Mr. Chiverton had manifested signs of impatience and irritability during Mr. Forbes's address, and he now said, with his peculiar snarl for which he was famous, "Once upon a time there was a great redistribution of land in Egypt, and the fifth part of the increase was given to Pharaoh, and the other four parts were left to be food to the sowers. If Providence would graciously send us a universal famine, we might all begin again on a new foundation."

"Oh, we cannot wait for that—we must do something meanwhile," said Sir Edward Lucas, understanding him literally. "I expect we shall have to manage our land less exclusively with an eye to our own revenue from it."

Mr. Chiverton testily interrupted the young man's words of wisdom: "The fact is, Jack wants to be master himself.

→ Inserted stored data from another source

Lemma csvd_sqrt_factor n T r (M : 'M[R]_(n, T)) U s (V : 'M_(T, r)) :
  is_csvd M U s V -> M = (U *m sqrt_diag s) *m (V *m sqrt_diag s)^T.
Proof.
case=> _ _ s_gt0 ->.
rewrite trmx_mul tr_sqrt_diag mulmxA -(mulmxA U (sqrt_diag s)) sqrt_diagK //.
by move=> j; apply: ltW.
Qed.

Lemma csvd_sum_le_factor n T p r (P : 'M[R]_(n, p)) (Q : 'M[R]_(T, p)) U s V :
  @is_csvd R n T r (P *m Q^T) U s V ->
  \sum_j s 0 j <= (frobi P P + frobi Q Q) / 2.
Proof.
case=> hU hV _ PQ.
have -> : \sum_j s 0 j = frobi (U^T *m P) (V^T *m Q).
  have US : U^T *m P *m Q^T = diag_mx s *m V^T.
    by rewrite -mulmxA PQ !mulmxA hU mul1mx.
  rewrite -[LHS]mxtrace_diag -[diag_mx s]mulmx1 -hV mulmxA -[V]trmxK -frobiE.
  by rewrite trmxK -US frobi_mulmxr trmxK.
have := frobi_amgm (U^T *m P) (V^T *m Q).
have := bessel_ineq P hU; have := bessel_ineq Q hV; lra.
Qed.

Lemma nucnorm_factor_le n T p (P : 'M[R]_(n, p)) (Q : 'M[R]_(T, p)) :
  nucnorm (P *m Q^T) <= (frobi P P + frobi Q Q) / 2.
Proof.
rewrite /nucnorm; set E := (X in sup X).
have [[x Ex]|E0] := pselect (E !=set0)%classic.
  apply: ge_sup; first by exists x.
  by move=> _ [r [U [s [V [svd ->]]]]]; apply: csvd_sum_le_factor svd.
have -> : E = set0 by apply/seteqP; split=> // y Ey; case: E0; exists y.
by rewrite sup0; have := frobi_ge0 P; have := frobi_ge0 Q; lra.
Qed.

Lemma nucnorm_csvd n T r (M : 'M[R]_(n, T)) U s (V : 'M_(T, r)) :
  is_csvd M U s V -> nucnorm M = \sum_j s 0 j.
Proof.
move=> svd; have [hU hV s_gt0 _] := svd.
have s_ge0 j : 0 <= s 0 j by apply: ltW.
rewrite /nucnorm; set E := (X in sup X).
have ub : ubound E (\sum_j s 0 j).
  move=> _ [r' [U' [s' [V' [svd' ->]]]]].
  move: svd'; rewrite (csvd_sqrt_factor svd) => /csvd_sum_le_factor.
  by rewrite !frobi_orthonormal_sqrt_diag //; lra.
have Es : E (\sum_j s 0 j) by exists r, U, s, V.
apply/eqP; rewrite eq_le ge_sup //=; last by exists (\sum_j s 0 j).
by apply: ub_le_sup => //; exists (\sum_j s 0 j).
Qed.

Strikes in the manufacturing towns are not unnatural—we know how those mercantile people grind their hands—but since it has come to strikes amongst colliers and miners, I tremble at the prospect for the country. The spirit of insubordination will spread and spread until the very plough-boys in the field are infected."

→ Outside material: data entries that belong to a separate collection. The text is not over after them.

Lemma linked_to_app o K1 K2 : linked_to o K1 -> linked_to o K2 -> linked_to o (K1 ++ K2).
Proof.
  intros H1 H2 Y HY z Hz.
  apply in_app_or in Hz as [Hz|Hz]; [apply H1|apply H2]; auto;
    intros w Hw; apply HY, in_or_app; auto.
Qed.

Lemma linked_hull o : (forall x, exists l, In x l /\ linked_to o l) ->
  forall K, exists K', incl K K' /\ In o K' /\ linked_to o K'.
Proof.
  intros Hx K. induction K as [|k K [K' [HK [Ho HK']]]].
  - exists [o]. split; [intros z []|split; [left; auto|]].
    intros Y _ z [<-|[]]. apply rt_refl.
  - destruct (Hx k) as [l [Hk Hl]]. exists (l ++ K'). split; [|split].
    + intros z [<-|Hz]; apply in_or_app; auto.
    + apply in_or_app; auto.
    + apply linked_to_app; auto.
Qed.

Section Symmetric.
Hypothesis E_sym : forall x y, E x y -> E y x.

Lemma conn_sym K x y : conn K x y -> conn K y x.
Proof.
  induction 1 as [x y [Hxy [Hx Hy]]| |]; [| apply rt_refl | eapply rt_trans; eauto].
  apply conn_edge; auto.
Qed.

Lemma not_conn_sym K x y : ~ conn K x y -> ~ conn K y x.
Proof. intros H Hyx. apply H, conn_sym, Hyx. Qed.

Hypothesis E_connected : forall x y, conn [] x y.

"A good thing, too, and the sooner the better," said Mr. Oliver Smith.

"No, no!" cried Mr. Fairfax, but Mr. Forbes said that was what they were coming to. Sir Edward Lucas listened hard. He was fresh from Oxford, where boating and athletic exercises had been his chief study. His father was lately dead, and the administration of a great estate had devolved upon him. His desire was to do his duty by it, and he had to learn how, that prospect not having been prepared for in his education, further than by initiation in the field-sports followed by gentlemen.

Mr. Chiverton turned on Mr. Oliver Smith with his snarl: "Your conduct as a landowner being above reproach, you can afford to look on with complacency while the rest of the world are being set by the ears."

Mr. Oliver Smith had very little land, but as all there knew what he had as well as he knew himself, he did not wince. He rejoined: "As a class, we have had a long opportunity for winning the confidence of the peasants; some of us have used it—others of us have neglected it and abused it. If the people these last have held lordship over revolt and transfer their allegiance to other masters, to demagogues hired in the streets, who shall blame them?"

"Suppose we all rise above reproach: I mean to try," said Sir Edward Lucas with an eagerness of interest that showed his good-will. "Then if my people can find a better master, let them go."

Mr. Cecil Burleigh turned to the young man: "It depends upon yourself whether they shall find a better master or not. Resolve that they shall not. Consider your duty to the land and those upon it as the vocation of your life, and you will run a worthy career."

Sir Edward was at once gratified and silenced. Mr. Cecil Burleigh's reputation was greater yet than his achievement, but a man's possibilities impress the young and enthusiastic even more than his successes accomplished.